The Onyx corvette was commanded by Captain Patrick O’Loughlin. Charles Pole, our hero’s comrade on board the Victory, was second lieutenant, he having had the good fortune to get appointed, through the interest of his uncle, who commanded the Colossus, seventy-four, rejoicing in his heart at having the warm-hearted and gallant O’Loughlin as a commander.

“Ah! Charley, my boy!” said the commander of the corvette, “if we had only Sir Oscar with us.”

O’Loughlin would insist on always speaking of our hero by his title, which was endeared to him by being that of his noble benefactor.

“Ah, my dear sir,” returned the Lieutenant, “if we had, what a glorious cruise we should have!”

“Charley, my boy,” said the Captain, filling his glass, and passing the bottle to the Lieutenant, for they were sitting in the cabin after dinner; “if yousirme when in private, I must put you under arrest for mutiny, be the powers of war I must. I can’t stand it. I hate it—I’m a rank revolutionist!”

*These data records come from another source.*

(* The windows C^[a+delta, a+3delta) and C^[a, a+4delta) are both
   two-dimensional and nested, so they coincide: C^{<a+4delta} = C^{<a+3delta}
   and C^{<a+delta} = C^{<a}.  Let A be the automorphism homotopic to
   psi o phi via H, with inverse B.  If d mapped C^{<a+3delta} into
   C^{<a+delta}, every x in C^{<a+3delta} would satisfy
   x = B (psi (phi x) - d (H x) - H (d x)), where phi x falls into the zero
   window of C' and each of the three terms lies in C^{<a+delta}; so the whole
   window would vanish.  Hence some basis element u has d u outside
   C^{<a+delta}.  As d (d u) = 0, d u is not congruent to a multiple of u
   modulo C^{<a+delta}, so (u, d u) is a basis of the window, with k = 1. *)

From mathcomp Require Import all_boot all_order all_algebra.
From mathcomp Require Import reals constructive_ereal lra.
Import Order.TTheory GRing.Theory Num.Theory.
Set Implicit Arguments. Unset Strict Implicit. Unset Printing Implicit Defensive.
Local Open Scope ring_scope.

Section SubmodClosed.
Variables (K : fieldType) (V : lmodType K) (S : {pred V}).
Hypothesis sS : submod_closed S.

Lemma submod_closed_memD : {in S &, forall u v, u + v \in S}.
Proof. by case: sS => _ lin u v Su Sv; rewrite -[u]scale1r lin. Qed.

Lemma submod_closed_memZ c : {in S, forall v, c *: v \in S}.
Proof. by case: sS => S0 lin v Sv; rewrite -[_ *: v]addr0 lin. Qed.

Lemma submod_closed_memB : {in S &, forall u v, u - v \in S}.
Proof.
by move=> u v Su Sv; rewrite submod_closed_memD // -scaleN1r submod_closed_memZ.
Qed.

End SubmodClosed.

Section Quotient2.
Variables (K : fieldType) (V : lmodType K).
Implicit Types (S T P : {pred V}) (u w x y z : V).

(* [indep2_mod S u w] and [span2_mod S P u w] say that the classes of [u] and
   [w] are independent in, resp. span, the quotient [P / S]; the quotient
   itself is never formed. *)
Definition indep2_mod S u w :=
  forall c0 c1 : K, c0 *: u + c1 *: w \in S -> c0 = 0 /\ c1 = 0.

Definition span2_mod S P u w :=
  {in P, forall v, exists c0 c1 : K, v - (c0 *: u + c1 *: w) \in S}.

Definition basis2_mod S P u w := indep2_mod S u w /\ span2_mod S P u w.

Lemma indep2_modC S u w : indep2_mod S u w -> indep2_mod S w u.
Proof. by move=> uw c0 c1; rewrite addrC => /uw[-> ->]. Qed.

Lemma span2_modC S P u w : span2_mod S P u w -> span2_mod S P w u.
Proof. by move=> uw v /uw[c0 [c1 h]]; exists c1, c0; rewrite (addrC (c1 *: w)). Qed.

Lemma basis2_modC S P u w : basis2_mod S P u w -> basis2_mod S P w u.
Proof. by case=> uw span; split; [apply: indep2_modC | apply: span2_modC]. Qed.

Lemma indep2_mod_notin S u w : indep2_mod S u w -> u \notin S.
Proof.
move=> uw; apply/negP => Su.
have [/eqP] : (1 : K) = 0 /\ (0 : K) = 0 by apply: uw; rewrite scale1r scale0r addr0.
by rewrite oner_eq0.
Qed.

Lemma indep2_modS S T u w : {subset S <= T} -> indep2_mod T u w -> indep2_mod S u w.
Proof. by move=> ST uw c0 c1 /ST /uw. Qed.

Variable S : {pred V}.
Hypothesis sS : submod_closed S.

Lemma indep2_mod_exchange u w z (a b : K) :
  indep2_mod S u w -> z - (a *: u + b *: w) \in S -> b != 0 -> indep2_mod S u z.
Proof.
move=> uw Sz b0 c0 c1 Suz.
have : (c0 + c1 * a) *: u + (c1 * b) *: w \in S.
  have -> : (c0 + c1 * a) *: u + (c1 * b) *: w
          = c0 *: u + c1 *: z - c1 *: (z - (a *: u + b *: w)).
    by rewrite scalerBr opprB [_ - c1 *: z]addrC addrA addrK scalerDr !scalerA scalerDl addrA.
  by rewrite submod_closed_memB // submod_closed_memZ.
case/uw=> c0a /eqP; rewrite mulf_eq0 (negbTE b0) orbF => /eqP c10.
by move: c0a; rewrite c10 mul0r addr0.
Qed.

Lemma span2_mod_exchange P u w z (a b : K) :
  span2_mod S P u w -> z - (a *: u + b *: w) \in S -> b != 0 -> span2_mod S P u z.
Proof.
move=> uw Sz b0 v /uw[c0 [c1 Sv]]; exists (c0 - c1 / b * a), (c1 / b).
have -> : v - ((c0 - c1 / b * a) *: u + c1 / b *: z)
        = v - (c0 *: u + c1 *: w) - c1 / b *: (z - (a *: u + b *: w)).
  rewrite scalerBr scalerDr !scalerA divfK // scalerBl.
  rewrite [in RHS]opprB -[in RHS]addrA; congr (_ + _).
  rewrite [in RHS]addrA opprD; congr (_ - _).
  by rewrite opprB opprD addrACA addNr addr0 addrC.
by rewrite submod_closed_memB // submod_closed_memZ.
Qed.

Lemma span2_mod_insert P x y u :
  span2_mod S P x y -> u \in P -> u \notin S -> exists z, span2_mod S P u z.
Proof.
move=> xy Pu Su; have [a [b Sab]] := xy u Pu.
have [b0|nb0] := eqVneq b 0; last first.
  by exists x; apply: span2_modC; apply: span2_mod_exchange xy Sab nb0.
have [a0|na0] := eqVneq a 0.
  by move: Sab; rewrite a0 b0 !scale0r addr0 subr0 (negbTE Su).
rewrite (addrC (a *: x)) in Sab.
by exists y; apply: span2_modC; apply: span2_mod_exchange (span2_modC xy) Sab na0.
Qed.

Lemma indep2_span2_mod P x y u w :
  span2_mod S P x y -> indep2_mod S u w -> u \in P -> w \in P -> span2_mod S P u w.
Proof.
move=> xy uw Pu Pw; have [z uz] := span2_mod_insert xy Pu (indep2_mod_notin uw).
have [a [b Sw]] := uz w Pw.
have [b0|nb0] := eqVneq b 0; last exact: span2_mod_exchange uz Sw nb0.
have [_ /eqP] : - a = 0 /\ (1 : K) = 0.
  by apply: uw; move: Sw; rewrite b0 scale0r addr0 scaleNr scale1r addrC.
by rewrite oner_eq0.
Qed.

Lemma span2_mod_gap T P u w :
  submod_closed T -> {subset S <= T} -> indep2_mod T u w -> span2_mod S P u w ->
  {in P, forall v, v \in T -> v \in S}.
Proof.
move=> sT ST uw span v /span[c0 [c1 Sv]] Tv.
have [c00 c10] : c0 = 0 /\ c1 = 0.
  apply: uw; have -> : c0 *: u + c1 *: w = v - (v - (c0 *: u + c1 *: w)).
    by rewrite opprB addrCA subrr addr0.
  by apply: submod_closed_memB => //; apply: ST.
by move: Sv; rewrite c00 c10 !scale0r addr0 subr0.
Qed.

Lemma span2_mod_image (W : lmodType K) (T : {pred W}) (f : {linear V -> W}) P u w :
  submod_closed T -> span2_mod S P u w -> {in S, forall v, f v \in T} ->
  f u \in T -> f w \in T -> {in P, forall v, f v \in T}.
Proof.
move=> sT span fS fu fw v /span[c0 [c1 Sv]].
rewrite -(subrK (c0 *: u + c1 *: w) v) linearD submod_closed_memD //; first exact: fS.
by rewrite linearD !linearZ submod_closed_memD ?submod_closed_memZ.
Qed.

Lemma span2_mod_image_notin (W : lmodType K) (T : {pred W}) (f : {linear V -> W})
    P u w :
  submod_closed T -> span2_mod S P u w -> {in S, forall v, f v \in T} ->
  ~ {in P, forall v, f v \in T} -> f u \notin T \/ f w \notin T.
Proof.
move=> sT span fS fP; have [fu|] := boolP (f u \in T); last by left.
have [fw|] := boolP (f w \in T); last by right.
by case: fP; apply: span2_mod_image span fS fu fw.
Qed.

Lemma basis2_mod_d P u w (d : {linear V -> V}) :
  (forall v, d (d v) = 0) -> {in S, forall v, d v \in S} ->
  basis2_mod S P u w -> d u \in P -> d u \notin S -> basis2_mod S P u (d u).
Proof.
move=> dd dS [uw span] Pdu Sdu; have [a [b Sb]] := span _ Pdu.
suff nb0 : b != 0.
  by split; [exact: indep2_mod_exchange uw Sb nb0 | exact: span2_mod_exchange span Sb nb0].
apply: contraNneq Sdu => b0; move: Sb; rewrite b0 scale0r addr0 => Sa.
have [a0|na0] := eqVneq a 0; first by move: Sa; rewrite a0 scale0r subr0.
have := dS _ Sa; rewrite linearB linearZ /= dd sub0r => Sad.
have := submod_closed_memZ sS (- a^-1) Sad.
by rewrite scalerN scaleNr opprK scalerA mulVf // scale1r.
Qed.

End Quotient2.

Lemma big_ord2 (T : Type) (idx : T) (op : Monoid.law idx) (F : 'I_2 -> T) :
  \big[op/idx]_(i < 2) F i = op (F ord0) (F ord_max).
Proof. by rewrite big_ord_recr big_ord1 /=; congr (op (F _) (F _)); apply: val_inj. Qed.

Lemma ord2_cases (i : 'I_2) : i = ord0 \/ i = ord_max.
Proof. by case: i => -[|[|//]] ?; [left | right]; apply: val_inj. Qed.

Section Sublevel.
Variables (R : realType) (K : fieldType) (V : lmodType K).

Definition sublevel (ell : V -> \bar R) (t : R) : {pred V} :=
  fun v => (ell v < t%:E)%E.

Lemma mem_sublevel (ell : V -> \bar R) (t : R) v :
  (v \in sublevel ell t) = (ell v < t%:E)%E.
Proof. by []. Qed.

Lemma sublevel_le (ell : V -> \bar R) (s t : R) :
  s <= t -> {subset sublevel ell s <= sublevel ell t}.
Proof. by move=> st v /lt_le_trans; apply; rewrite lee_fin. Qed.

Lemma window_basis2P (ell : V -> \bar R) (a b : R) (e : 'I_2 -> V) :
  window_basis ell a b e <->
  [/\ e ord0 \in sublevel ell b, e ord_max \in sublevel ell b &
      basis2_mod (sublevel ell a) (sublevel ell b) (e ord0) (e ord_max)].
Proof.
have sum2 (c : 'I_2 -> K) :
    \sum_(i < 2) c i *: e i = c ord0 *: e ord0 + c ord_max *: e ord_max.
  exact: big_ord2.
split=> [[eb indep span] | [e0b e1b [indep span]]].
  split; [exact: eb | exact: eb | split=> [c0 c1 Sc | v /span[c Sv]]].
    have := indep (fun i => if i == ord0 then c0 else c1).
    by rewrite sum2 => /(_ Sc) c0'; split; [exact: c0' ord0 | exact: c0' ord_max].
  by exists (c ord0), (c ord_max); rewrite -sum2.
split=> [i | c | v /span[c0 [c1 Sv]]].
- by case: (ord2_cases i) => ->.
- by rewrite sum2 => /indep[c0 c1] i; case: (ord2_cases i) => ->.
- by exists (fun i => if i == ord0 then c0 else c1); rewrite sum2.
Qed.

Lemma window_dim0_sublevel (ell : V -> \bar R) (a b : R) :
  window_dim ell a b 0 -> {subset sublevel ell b <= sublevel ell a}.
Proof. by case=> e [_ _ span] v /span[c]; rewrite big_ord0 subr0. Qed.

Variables (d : {linear V -> V}) (ell : V -> \bar R).
Hypothesis fc : filtered_complex d ell.

Lemma filtration0 : ell 0 = -oo%E.
Proof. by case: fc => _ ell_eqNy _ _ _; apply/ell_eqNy. Qed.

Lemma sublevel_submod_closed (t : R) : submod_closed (sublevel ell t).
Proof.
case: fc => _ _ _ ellD ellZ; split=> [|c u v tu tv].
  by rewrite mem_sublevel filtration0 ltNyr.
rewrite !mem_sublevel in tu tv *.
apply: le_lt_trans (ellD _ _) _; rewrite gt_max tv andbT.
have [->|c0] := eqVneq c 0; last by rewrite ellZ.
by rewrite scale0r filtration0 ltNyr.
Qed.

“By Jove, that’s good!” laughed Charles Pole; “you a revolutionist! Why you insist every day of your life on drinking Sir Oscar de Bracy’s health, and that he must always be called ‘Sir Oscar.’ He would kick against that himself if he were here.”

“He’s a trump; don’t bother me about titles, they are all very well when they and the wearer fit, and he’s fit to be a duke. I wish I had been on board the Diamond that unlucky day; I’d have had that cursed Vengeance out, or been blown to atoms.”

“A sail to windward, sir,” said a curly-haired young midshipman, popping his head into the cabin; “she appears a large ship.”

Up jumped the commander and his lieutenant, and the next moment they were on deck.

They were then some five leagues off the coast of France, in a line with Ushant. It was blowing strong from the east-northeast, with a good deal of sea on. The Onyx was under single-reefed topsails, her top gallant masts housed. It was after sunset, with every appearance of a dirty night. Captain O’Loughlin directed his glass in the direction of the strange sail, whose topsails could be seen with the naked eye. She was coming up rapidly, under double-reefed topsails, and he pronounced her to be a frigate, whether French or English he could not say, but half an hour would decide. The corvette being on an enemy’s coast, and cruising for the purpose of destroying privateers or taking prizes, she was always ready for action.

The Onyx was noted for her splendid sailing qualities. She carried sixteen long nine-pounders, and two eighteen-pound carronades in the bridle ports, and two twelve-pound carronades on the quarter-deck and forecastle. Her full complement of men and boys was one hundred and forty-five; but having taken two prizes, her first lieutenant, twenty-five men, and two midshipmen were absent. Shortly after, as the strangercame nearer, signals were hoisted, which not being answered, Captain O’Loughlin became convinced that she was an enemy, and of vastly superior force. In fact, she soon convinced them, notwithstanding the fast increasing gloom and the commencement of a fog, that she was a thirty-two gun frigate, of double the tonnage of the Onyx. As she came nearer, she hoisted French colours, and commenced firing her bow-chasers.

Captain O’Loughlin, though quite justified in getting out of the way of so formidable an antagonist, resolved, nevertheless, to annoy her as much as possible. Having cut away the jolly boat to make room for four stern chasers, the Onyx opened fire from them, as soon as the French frigate got fairly within range, whose shot was flying over them. In a few minutes the fog, which kept increasing, put an end to the combat for the time.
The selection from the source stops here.